Lupanar

Maison close emblématique des fouilles de Pompéi, le Lupanar fascine les visiteurs avec ses fresques érotiques bien conservées et son histoire figée en 79 apr. J.-C. Inclus dans le parcours de visite du site archéologique, ce lieu insolite offre un témoignage incontournable sur la vie quotidienne dans la Rome antique.

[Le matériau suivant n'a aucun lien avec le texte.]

Lemma Gamma_root_of_Delta_root b :
  rootQbar (Delta3k3 k) b -> exists2 a, rootQbar (Gamma_k k) a & - a ^+ 2 - 7%:R = b.
Proof.
move=> /rootQbar_Delta[z Pz].
pose a := sqrtC (- b - 7%:R); have Da : - a ^+ 2 - 7%:R = b by rewrite sqrtCK; ring.
rewrite -Da delta3_factor => /eqP; rewrite mulf_eq0 !subr_eq0 => /orP[]/eqP Dz.
  by exists a; rewrite // rootQbar_Gamma -Dz.
by exists (- a); rewrite ?sqrrN // rootQbar_Gamma -Dz.
Qed.

Lemma Gamma_root_sqr_inj a c :
  rootQbar (Gamma_k k) a -> rootQbar (Gamma_k k) c ->
  - a ^+ 2 - 7%:R = - c ^+ 2 - 7%:R -> a = c.
Proof.
move=> Ga Gc /eqP; rewrite (can_eq (subrK _)) eqr_opp -subr_eq0 subr_sqr mulf_eq0.
rewrite subr_eq0 addr_eq0 => /orP[/eqP // | /eqP Dc].
by move: Ga; rewrite Dc (negPf (Gamma_root_opp Gc)).
Qed.

Lemma Delta_neq0 : DeltaQ != 0.
Proof.
apply: contra Gamma_root0 => /eqP D0.
have /Gamma_root_of_Delta_root[a Ga Da] : rootQbar (Delta3k3 k) (- 0 ^+ 2 - 7%:R).
  by rewrite rootQbar_ratpoly D0 rmorph0 root0.
suff <- : a = 0 by [].
by move/addIr/oppr_inj/eqP: Da; rewrite !expr2 mul0r mulf_eq0 orbb => /eqP.
Qed.

Lemma Gamma_irr_Delta_irr : irreducible_poly GammaQ -> irreducible_poly DeltaQ.
Proof.
move=> G_irr.
have rootG a : root (pQtoC GammaQ) a = rootQbar (Gamma_k k) a by rewrite rootQbar_ratpoly.
have nz_G' : GammaQ \Po - 'X != 0.
  by rewrite comp_poly2_eq0 ?size_polyN ?size_polyX // irredp_neq0.
have [a Ga] : exists a, rootQbar (Gamma_k k) a.
  have /closed_rootP[a] : size (pQtoC GammaQ) != 1 by rewrite size_map_poly gtn_eqF ?G_irr.1.
  by exists a; rewrite -rootG.
have G_G'_coprime : coprimep GammaQ (GammaQ \Po - 'X).
  apply: contraT; rewrite coprimep_def => /(G_irr _)/(_ (dvdp_gcdl _ _))/eqp_dvdl G_G'.
  have : root (pQtoC (GammaQ \Po - 'X)) a.
    by apply: root_dvdp (_ : root (pQtoC GammaQ) a); rewrite ?dvdp_map -?G_G' ?dvdp_gcdr ?rootG.
  by rewrite root_map_comp_opp rootG (negPf (Gamma_root_opp Ga)).
split.
  rewrite -(size_map_poly (ratr : {rmorphism rat -> algC})).
  rewrite (root_size_gt1 _ (_ : root _ (- a ^+ 2 - 7%:R))) ?map_poly_eq0 ?Delta_neq0 //.
  by rewrite -rootQbar_ratpoly Delta_root_of_Gamma_root.
move=> q size_q q_D; rewrite -dvdp_size_eqp // eqn_leq dvdp_leq ?Delta_neq0 //=.
apply: (@leq_trans (size GammaQ)).
  by rewrite !size_ratpoly size_Gamma -addn1 size_Delta_leq.
have nz_q : q != 0 by apply: contraTneq q_D => ->; rewrite dvd0p Delta_neq0.
have [b qb] : exists b, root (pQtoC q) b by apply/closed_rootP; rewrite size_map_poly.
have /Gamma_root_of_Delta_root[c Gc Dc] : rootQbar (Delta3k3 k) b.
  by rewrite rootQbar_ratpoly; apply: root_dvdp qb; rewrite dvdp_map.
have nz_qf : q \Po fpoly != 0 by rewrite comp_poly_eq0 ?size_fpoly.
have qf_c : root (pQtoC (q \Po fpoly)) c by rewrite /root horner_map_comp_fpoly Dc.
have G_qf : GammaQ %| q \Po fpoly.
  by apply: irredp_dvdp_root G_irr nz_qf (_ : root (pQtoC GammaQ) c) qf_c; rewrite rootG.
have G'_qf : GammaQ \Po - 'X %| q \Po fpoly.
  by rewrite -fpoly_comp_opp comp_polyA dvdp_comp_poly.
have := dvdp_leq nz_qf (_ : GammaQ * (GammaQ \Po - 'X) %| _).
rewrite Gauss_dvdp // G_qf G'_qf => /(_ isT).
have size_G' : size (GammaQ \Po - 'X) = size GammaQ.
  by rewrite size_comp_poly2 // size_polyN size_polyX.
rewrite (size_mul (irredp_neq0 G_irr) nz_G') size_G'.
have : (size (q \Po fpoly)).-1 = ((size q).-1 * 2)%N by rewrite size_comp_poly size_fpoly.
have : (0 < size (q \Po fpoly))%N by rewrite size_poly_gt0.
have : (0 < size q)%N by rewrite size_poly_gt0.
move: (size GammaQ) (size q) (size (q \Po fpoly)) => sG sq sqf; lia.
Qed.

En ressortant du Lupanar, vous aurez sans doute en tête une série d’images marquantes, la pénombre d’une chambre étroite aux murs patinés, l’écho lointain des rires et des murmures en latin vulgaire, les dessins érotiques vieux de deux millénaires, et peut-être un moment de réflexion sur la permanence des instincts humains à travers le temps. Une chose est sûre, cette maison close antique est une visite incontournable de Pompéi, tant pour son côté croustillant que pour la fenêtre unique qu’elle ouvre sur l’intimité et les mœurs d’une cité romaine figée dans son dernier jour.

L’édifice s’étend sur une surface considérable, organisé autour d’une immense cour rectangulaire bordée de portiques. Au centre se trouvait une grande piscine destinée aux exercices aquatiques, tandis que les galeries couvertes servaient d’espaces pour la course, la lutte et d’autres disciplines.

Envie de découvrir ce bordel antique unique? Voici tout ce qu’il faut savoir pour visiter le Lupanar de Pompéi, de son accès pratique à ses secrets les plus surprenants, comme une véritable guide touristique.

Comment visiter le Lupanar

Gravage Lupanar de Pompéi

Le Lupanar, situé dans le Regio VII de Pompéi (non loin des thermes Stabies et à environ deux rues à l’est du Forum), se trouve à l’intersection du Vicolo del Balcone Pensile et du Vicolo del Lupanare. C’est une étape incontournable lors de la visite des fouilles.

Bonne nouvelle

L’entrée du Lupanar est incluse dans le billet général du parc archéologique de Pompéi – il n’y a donc pas besoin de ticket supplémentaire pour accéder à ce bâtiment historique.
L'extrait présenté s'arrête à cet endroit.